The judge approved a police request to detain 48-year-old Gary John Robb for 8 days to assist investigators in the first such case brought before a Greek Cypriot court.
Police said Robb, from South Shields, was extradited to Greek Cyprus on a European arrest warrant after serving a 2 1/2 year sentence in a British prison for a 1995 drug trafficking conviction.
Rob is being investigated on nine charges that he was a partner in a company called Aga Development Ltd. that sold more than 200 luxury villas it built on Greek Cypriot land near the northern village of Klepini.
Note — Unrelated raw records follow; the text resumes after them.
(* Let $n\ge 1$ and let $p$ be any probability distribution on $\{0,1\}^n$ with support $\operatorname{supp}(p)=\{v: p(v)>0\}$. Let $k$ be the minimal number of pairs $\{u,u'\}\subseteq\{0,1\}^n$, where in each pair the vectors $u,u'$ differ in exactly one entry, such that $\operatorname{supp}(p)$ is contained in the union of these pairs. Then $p$ can be approximated arbitrarily well by the visible marginal distribution of an RBM with $n$ visible units and $k-1$ hidden units; that is, for every $\varepsilon>0$ there exist parameters $W,B,C$ of such an RBM whose visible marginal $q$ satisfies $D(p\,\|\,q)<\varepsilon$.
   Context: A Restricted Boltzmann Machine (RBM) with $n$ visible units and $m$ hidden units has parameters $W\in\mathbb{R}^{m\times n}$, $B\in\mathbb{R}^n$, $C\in\mathbb{R}^m$, and defines the joint distribution $p(v,h)=\frac{1}{Z}\exp(h^T W v + B\cdot v + C\cdot h)$ on $(v,h)\in\{0,1\}^n\times\{0,1\}^m$, where $Z$ is the normalizing constant; its visible marginal distribution is $q(v)=\sum_{h\in\{0,1\}^m}p(v,h)$. For $m=0$ this is $q(v)\propto\exp(B\cdot v)$. $D(p\|q)=\sum_v p(v)\log\frac{p(v)}{q(v)}$ denotes the Kullback–Leibler divergence. *)

From HB Require Import structures.
From mathcomp Require Import all_boot all_order all_algebra.
From mathcomp Require Import reals.
From mathcomp Require Import sequences exp.
Set Implicit Arguments. Unset Strict Implicit. Unset Printing Implicit Defensive.
Import Order.TTheory GRing.Theory Num.Theory.
Local Open Scope ring_scope.

Definition state (n : nat) := {ffun 'I_n -> bool}.

Definition b2R {R : realType} (b : bool) : R := (b : nat)%:R.

Section RBM.
Variables (R : realType) (n m : nat).

Definition rbm_energy (W : 'M[R]_(m, n)) (B : 'rV[R]_n) (C : 'rV[R]_m)
  (v : state n) (h : state m) : R :=
  \sum_(i < m) \sum_(j < n) b2R (h i) * W i j * b2R (v j)
  + \sum_(j < n) B 0 j * b2R (v j) + \sum_(i < m) C 0 i * b2R (h i).

Definition rbm_Z W B C : R :=
  \sum_(v : state n) \sum_(h : state m) expR (rbm_energy W B C v h).

Definition rbm_marginal W B C (v : state n) : R :=
  (\sum_(h : state m) expR (rbm_energy W B C v h)) / rbm_Z W B C.

End RBM.

Definition is_distribution {R : realType} {T : finType} (p : T -> R) : Prop :=
  (forall x, 0 <= p x) /\ \sum_x p x = 1.

Definition KL {R : realType} {T : finType} (p q : T -> R) : R :=
  \sum_(x | 0 < p x) p x * ln (p x / q x).

Definition adjacent (n : nat) (u u' : state n) : bool :=
  #|[set i | u i != u' i]| == 1%N.

Definition edge_cover {R : realType} (n : nat) (p : state n -> R) (k : nat) : Prop :=
  exists s : seq (state n * state n),
    [/\ size s = k,
        all (fun e => adjacent e.1 e.2) s &
        forall v, 0 < p v -> exists2 e, e \in s & (v == e.1) || (v == e.2)].

From Pilot Require Import Defs.
From HB Require Import structures.
From mathcomp Require Import all_boot all_order all_algebra.
From mathcomp Require Import reals.
From mathcomp Require Import sequences exp.
From mathcomp Require Import ring lra.
Set Implicit Arguments. Unset Strict Implicit. Unset Printing Implicit Defensive.
Import Order.TTheory GRing.Theory Num.Theory.
Local Open Scope ring_scope.

(* Up to normalisation, the visible marginal of an RBM with m hidden units is a product of
   experts exp (s_0 v) * prod_i (1 + exp (s_i v)) whose exponents are separable,
   s_i v = sum_j phi_i j (v j).  For an edge {a, b} whose endpoints differ in coordinate c, a
   separable exponent can take arbitrary values at a and b and be arbitrarily negative
   everywhere else.  So exp s_0 matches p near the first edge of a cover, and every further
   edge costs one more factor, which raises the mass at its endpoints by prescribed amounts
   while multiplying the mass elsewhere by at most 1 + eta.  The result g dominates p on its
   support and has total mass at most 1 + delta, hence D(p || g / sum g) <= ln (1 + delta). *)

Lemma adjacentP n (a b : state n) : Defs.adjacent a b ->
  exists2 c, a c != b c & forall j, j != c -> a j = b j.
Proof.
move/cards1P=> [c Hc]; exists c => [|j jc].
  by have := set11 c; rewrite -Hc inE.
by apply/eqP; apply: contraNT jc => abj; rewrite -in_set1 -Hc inE.
Qed.

Lemma adjacent_neq n (a b : state n) : Defs.adjacent a b -> a != b.
Proof. by case/adjacentP=> c abc _; apply: contraNneq abc => ->. Qed.

Lemma adjacent_off_pair n (a b v : state n) c :
  a c != b c -> (forall j, j != c -> a j = b j) -> v != a -> v != b ->
  exists2 j, j != c & v j != a j.
Proof.
move=> abc Hab va vb; apply/exists_inP; apply: contraNT va.
rewrite negb_exists_in => /forall_inP Hv.
have off j : j != c -> v j = a j by move=> jc; apply/eqP; rewrite -[_ == _]negbK Hv.
case: (boolP (v c == a c)) => [/eqP vac|vac].
  by apply/eqP/ffunP => j; have [->|/off] := eqVneq j c.
exfalso; move/negP: vb; apply; apply/eqP/ffunP => j.
have [->|jc] := eqVneq j c; last by rewrite off // Hab.
by move: vac abc; case: (v c); case: (a c); case: (b c).
Qed.

Section ProductOfExperts.
Variable R : realType.

Definition sep_sum n (phi : 'I_n -> bool -> R) (v : state n) : R :=
  \sum_(j < n) phi j (v j).

Definition product_of_experts n m (f : state n -> R) : Prop :=
  exists (phi0 : 'I_n -> bool -> R) (phi : 'I_m -> 'I_n -> bool -> R),
  forall v, f v = expR (sep_sum phi0 v) * \prod_(i < m) (1 + expR (sep_sum (phi i) v)).

Lemma product_of_experts_gt0 n m (f : state n -> R) :
  product_of_experts m f -> forall v, 0 < f v.
Proof.
case=> phi0 [phi Hf] v; rewrite Hf mulr_gt0 ?expR_gt0 //.
by apply: prodr_gt0 => i _; rewrite ltr_wpDr ?expR_ge0.
Qed.

Lemma product_of_experts_sum_gt0 n m (f : state n -> R) :
  product_of_experts m f -> 0 < \sum_v f v.
Proof.
move/product_of_experts_gt0=> f0.
by rewrite (bigD1 [ffun=> false]) //= ltr_wpDr ?f0 ?sumr_ge0 // => v _; rewrite ltW.
Qed.

Lemma sep_sumE n (phi : 'I_n -> bool -> R) v :
  sep_sum phi v = \sum_j phi j false + \sum_j (phi j true - phi j false) * b2R (v j).
Proof.
rewrite /sep_sum -big_split; apply: eq_bigr => j _.
by case: (v j); rewrite /b2R /= ?mulr1 ?mulr0 ?addr0 // addrC subrK.
Qed.

Lemma sum_state_prod_expR m (A : 'I_m -> R) :
  \sum_(h : state m) \prod_(i < m) expR (b2R (h i) * A i) = \prod_(i < m) (1 + expR (A i)).
Proof.
rewrite -(bigA_distr_bigA (fun i (b : bool) => expR (b2R b * A i))) /=.
by apply: eq_bigr => i _; rewrite big_bool /b2R /= mul1r mul0r expR0 addrC.
Qed.

(* The hidden units sum out independently: a unit with weights [w] and bias [c]
   contributes the factor [1 + exp (w.v + c)] to the unnormalised marginal. *)
Lemma product_of_experts_rbm n m (f : state n -> R) : product_of_experts m f ->
  exists (W : 'M[R]_(m, n)) (B : 'rV[R]_n) (C : 'rV[R]_m),
  forall v, rbm_marginal W B C v = f v / \sum_u f u.
Proof.
case=> phi0 [phi Hf].
pose W := \matrix_(i < m, j < n) (phi i j true - phi i j false).
pose B := \row_(j < n) (phi0 j true - phi0 j false).
pose C := \row_(i < m) \sum_(j < n) phi i j false.
pose kap := \sum_(j < n) phi0 j false.
have unnormalised v : \sum_(h : state m) expR (rbm_energy W B C v h) = expR (- kap) * f v.
  rewrite Hf mulrA -expRD.
  have -> : - kap + sep_sum phi0 v = \sum_j B 0 j * b2R (v j).
    by rewrite sep_sumE addKr; apply: eq_bigr => j _; rewrite mxE.
  rewrite -sum_state_prod_expR mulr_sumr; apply: eq_bigr => h _.
  rewrite /rbm_energy -expR_sum -expRD [in LHS]addrAC [in LHS]addrC.
  congr (expR (_ + _)).
  rewrite -big_split /=; apply: eq_bigr => i _.
  rewrite sep_sumE mulrDr addrC; congr (_ + _).
    by rewrite mxE mulrC.
  by rewrite mulr_sumr; apply: eq_bigr => j _; rewrite mxE mulrA.
exists W, B, C => v.
rewrite /rbm_marginal /rbm_Z unnormalised.
under eq_bigr do rewrite unnormalised.
by rewrite -mulr_sumr invfM mulrACA mulfV ?mul1r // gt_eqF ?expR_gt0.
Qed.

Lemma sep_sum_spike n (a b : state n) (al be M : R) : Defs.adjacent a b ->
  exists phi : 'I_n -> bool -> R,
    [/\ sep_sum phi a = al, sep_sum phi b = be &
        forall v, v != a -> v != b -> sep_sum phi v <= M].
Proof.
case/adjacentP=> c abc Hab.
(* Any [v] other than [a], [b] also disagrees with [a] off [c], which costs [S]. *)
pose S := `|al| + `|be| + `|M|.
exists (fun j x => if j == c then (if x == a c then al else be)
                   else (if x == a j then 0 else - S)); split.
- by rewrite /sep_sum (bigD1 c) //= !eqxx big1 ?addr0 // => j /negbTE ->; rewrite eqxx.
- rewrite /sep_sum (bigD1 c) //= eqxx eq_sym (negbTE abc) big1 ?addr0 // => j jc.
  by rewrite (negbTE jc) Hab // eqxx.
move=> v va vb; have [j jc vj] := adjacent_off_pair abc Hab va vb.
rewrite /sep_sum (bigD1 c) //= (bigD1 j) //= eqxx (negbTE jc) (negbTE vj).
set rest := \sum_(i < n | _) _; set at_c := if _ then al else be.
have rest_le0 : rest <= 0.
  apply: sumr_le0 => i /andP [/negbTE -> _]; case: ifP => // _.
  by rewrite oppr_le0 !addr_ge0.
have at_c_le : at_c <= `|al| + `|be|.
  by rewrite /at_c; case: ifP => _; [rewrite ler_wpDr // ler_norm | rewrite ler_wpDl // ler_norm].
have := ler_norm (- M); rewrite normrN /S; lra.
Qed.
Police said the villas were each being sold for euros 50-170,000 ($71-242,000) and British nationals were among the buyers.
The charges include illegal possession and use of property registered to another person, obtaining money under false pretenses and fraud.
Most of the land in the north belongs to Greek Cypriots who fled in 1974 when Turkey sent troops after a coup by supporters of union with Greece. Turkish Cypriots declared their own state in 1983, but it's only recognized by Turkey which maintains 35,000 troops there. The island joined the European Union in 2004, but only the internationally recognized south enjoys membership benefits.
Thousands of foreign nationals have purchased homes in the north, including British couple Linda and David Orams. A British court last year ruled that the couple couldn't keep the holiday villa they bought in 2002.
The court upheld an earlier European Court of Justice decision which affirmed that the property belonged to a Greek Cypriot whose family fled in 1974.